#### What to do:
For this exercise, report every line of the material that includes "Fixpoint".
Data provided START
Lemma typ_ctx_equiv (G G' : seq type) s T : ctx_equiv G G' ->
  typ G s T -> typ G' s T.
Proof.
move=> + sT; elim: sT G' => {G s T}
  [G t t' T _ IH st|G n A Gn|G t T S _ IH TS|G t r a b U T _ I1 _ I2
  |G t U T uU _ IH|G t T U uU _ IH|G t T _ IH|G|G t r a b T _ I1 _ I2
  |G t a T _ IH] G' GG'.
- exact: ty_ac (IH G' GG') st.
- have [B G'n [-> | AB]] := ctx_equiv_onth GG' Gn; first exact: ty_ax.
  exact: ty_equiv (ty_ax G'n) (te_sym AB).
- exact: ty_equiv (IH G' GG') TS.
- exact: ty_arrE (I1 G' GG') (I2 G' GG').
- by apply: (ty_arrI uU); apply: IH; split; first left.
- exact/ty_forallE/IH.
- exact/ty_forallI/IH/ctx_equiv_tshift.
- exact: ty_ax0.
- exact: ty_plusI (I1 G' GG') (I2 G' GG').
- exact/ty_sI/IH.
Qed.

Lemma all_unit_onth (G : seq type) n U :
  all (@is_unit R) G -> onth G n = Some U -> is_unit U.
Proof.
elim: G n => [|A G IH] [|n] //= /andP[uA uG]; first by case=> <-.
exact: IH.
Qed.

Lemma typ_wf (G : seq type) s T : all (@is_unit R) G -> typ G s T -> wf T.
Proof.
move=> + sT; elim: sT => {G s T} //=.
- by move=> G n U Gn uG; apply/is_unit_wf/(all_unit_onth uG Gn).
- by move=> G t T S _ _ /tequiv_wf[].
- by move=> G t r a b U T _ IH _ _ /IH/andP[].
- by move=> G t U T uU _ IH uG; rewrite uU IH //= uU.
- by move=> G t T U uU _ IH /IH; apply: wf_tsubst.
- by move=> G t T _ IH /all_unit_tshift/IH.
Qed.

Fixpoint tcoef (T : type) : R :=
  match T with
  | TForall T => tcoef T
  | TScal a T => a * tcoef T
  | TZero => 0
  | _ => 1
  end.

Lemma tcoef_tequiv (A B : type) : tequiv A B -> tcoef A = tcoef B.
Proof.
elim=> {A B} //=.
- by move=> T S P _ -> _ ->.
- by move=> a; rewrite mulr0.
- by move=> T _; rewrite mul0r.
- by move=> T _; rewrite mul1r.
- by move=> a b T _; rewrite mulrA.
- by move=> a T T' _ ->.
Qed.

Lemma tcoef_unit (U : type) : is_unit U -> tcoef U = 1.
Proof. by elim: U. Qed.

Lemma tcoef_tsubst (T V : type) k : is_unit V -> tcoef (tsubst k V T) = tcoef T.
Proof.
elim: T k V => [n|U IU T IT|T IT|a T IT|] k V uV //=.
- by case: eqP => _; [exact: tcoef_unit | case: ifP].
- exact/IT/is_unit_tshift.
- by rewrite IT.
Qed.

Fixpoint body_typ (G : seq type) (t : term) (T : type) : Prop :=
  match T with
  | TArrow U T => typ (U :: G) t T
  | TForall T => body_typ (map (tshift 0) G) t T
  | TScal _ T => body_typ G t T
  | _ => False
  end.

Lemma body_typ_tequiv (A B : type) : tequiv A B ->
  forall G t, tcoef A != 0 -> body_typ G t A <-> body_typ G t B.
Proof.
elim=> {A B} //=.
- move=> T S TS IH G t; rewrite -(tcoef_tequiv TS) => nzS.
  exact: iff_sym (IH G t nzS).
- move=> T S P TS I1 _ I2 G t nzT; rewrite (I1 G t nzT).
  by apply: I2; rewrite -(tcoef_tequiv TS).
- by move=> T _ G t; rewrite mul0r eqxx.
- move=> U U' T T' _ _ UU' _ TT' _ G t _; split=> tT.
  + exact: ty_equiv (typ_ctx_equiv (ctx_equiv_cons _ UU') tT) TT'.
  + apply: ty_equiv (typ_ctx_equiv (ctx_equiv_cons _ (te_sym UU')) tT) _.
    exact: te_sym.
- by move=> T T' _ IH G t /IH.
- move=> a T T' _ IH G t nzaT; apply: IH.
  by apply: contra nzaT => /eqP->; rewrite mulr0.
Qed.

Lemma body_typ_tsubst (T V : type) G t k : is_unit V -> body_typ G t T ->
  body_typ (map (tsubst k V) G) t (tsubst k V T).
Proof.
elim: T G k V => [n|U IU T IT|T IT|a T IT|] G k V uV //=.
- by move/typ_tsubst; apply.
- by rewrite -map_tsubst_tshift_comm; apply/IT/is_unit_tshift.
- exact: IT.
Qed.

Lemma typ_lam_body (G : seq type) s S t : typ G s S -> ac_eq s (tLam t) ->
  tcoef S != 0 -> body_typ G t S.
Proof.
move=> sS; elim: sS t => {G s S}
  [G s s' T _ IH ss'|G n U _|G s T S _ IH TS|G s r a b U T _ _ _ _
  |G s U T uU sT _|G s T U uU _ IH|G s T _ IH|G|G s r a b T _ _ _ _
  |G s a T _ _] t st; try by case/ac_eq_lamr: st.
- exact: IH (ac_trans ss' st).
- rewrite -(tcoef_tequiv TS) => nzT.
  by rewrite -(body_typ_tequiv TS) //; apply: IH.
- by case/ac_eq_lamr: st => x [<-] xt _; apply: ty_ac sT xt.
- (* [G] is the instance [(shift G)[U/0]] of the context of the premise. *)
  rewrite tcoef_tsubst // => nzT.
  by rewrite -(map_tsubst_tshift G 0 U); apply/body_typ_tsubst/IH.
- exact: IH.
Qed.

Lemma typ_lam_some_body (G : seq type) s S t : typ G s S -> ac_eq s (tLam t) ->
  exists2 U, is_unit U & exists T, typ (U :: G) t T.
Proof.
move=> sS; elim: sS t => {G s S}
  [G s s' T _ IH ss'|G n U _|G s T S _ IH TS|G s r a b U T _ _ _ _
  |G s U T uU sT _|G s T U uU _ IH|G s T _ IH|G|G s r a b T _ _ _ _
  |G s a T _ _] t st; try by case/ac_eq_lamr: st.
- exact: IH (ac_trans ss' st).
- exact: IH.
- case/ac_eq_lamr: st => x [<-] xt.
  by exists U => //; exists T; apply: ty_ac sT xt.
- exact: IH.
- (* Substituting the variable [0] for itself undoes the context shift. *)
  have [U uU [T' tT']] := IH t st.
  have := typ_tsubst tT' 0 (isT : is_unit (TVar R 0)).
  rewrite /= map_tsubst_tshift => tT0.
  exists (tsubst 0 (TVar R 0) U); first exact: is_unit_tsubst.
  by exists (tsubst 0 (TVar R 0) T').
Qed.

End ScalarInversion.

Theorem mainTheorem8 (R : comPzRingType) (G : seq (stype R)) (t : sterm R)
    (T U : stype R) :
  all (@is_unit R) G -> is_unit U -> wf T ->
  typ G (tLam t) (TArrow U T) -> typ (U :: G) t T.
Proof.
move=> uG uU wT lamT.
have [/eqP h10 | nz1] := boolP (1 == 0 :> R)%R.
- have [U' uU' [T' tT']] := typ_lam_some_body lamT (ac_refl _).
  have wT' : wf T' by apply: typ_wf tT'; rewrite /= uU'.
  have UU' : tequiv U' U by apply: tequiv_trivial; rewrite // is_unit_wf.
  apply: ty_equiv (typ_ctx_equiv (ctx_equiv_cons G UU') tT') _.
  exact: tequiv_trivial.
- exact: typ_lam_body lamT (ac_refl _) nz1.
Qed.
Data provided END
#### Response:
Fixpoint tcoef (T : type) : R :=
Fixpoint body_typ (G : seq type) (t : term) (T : type) : Prop :=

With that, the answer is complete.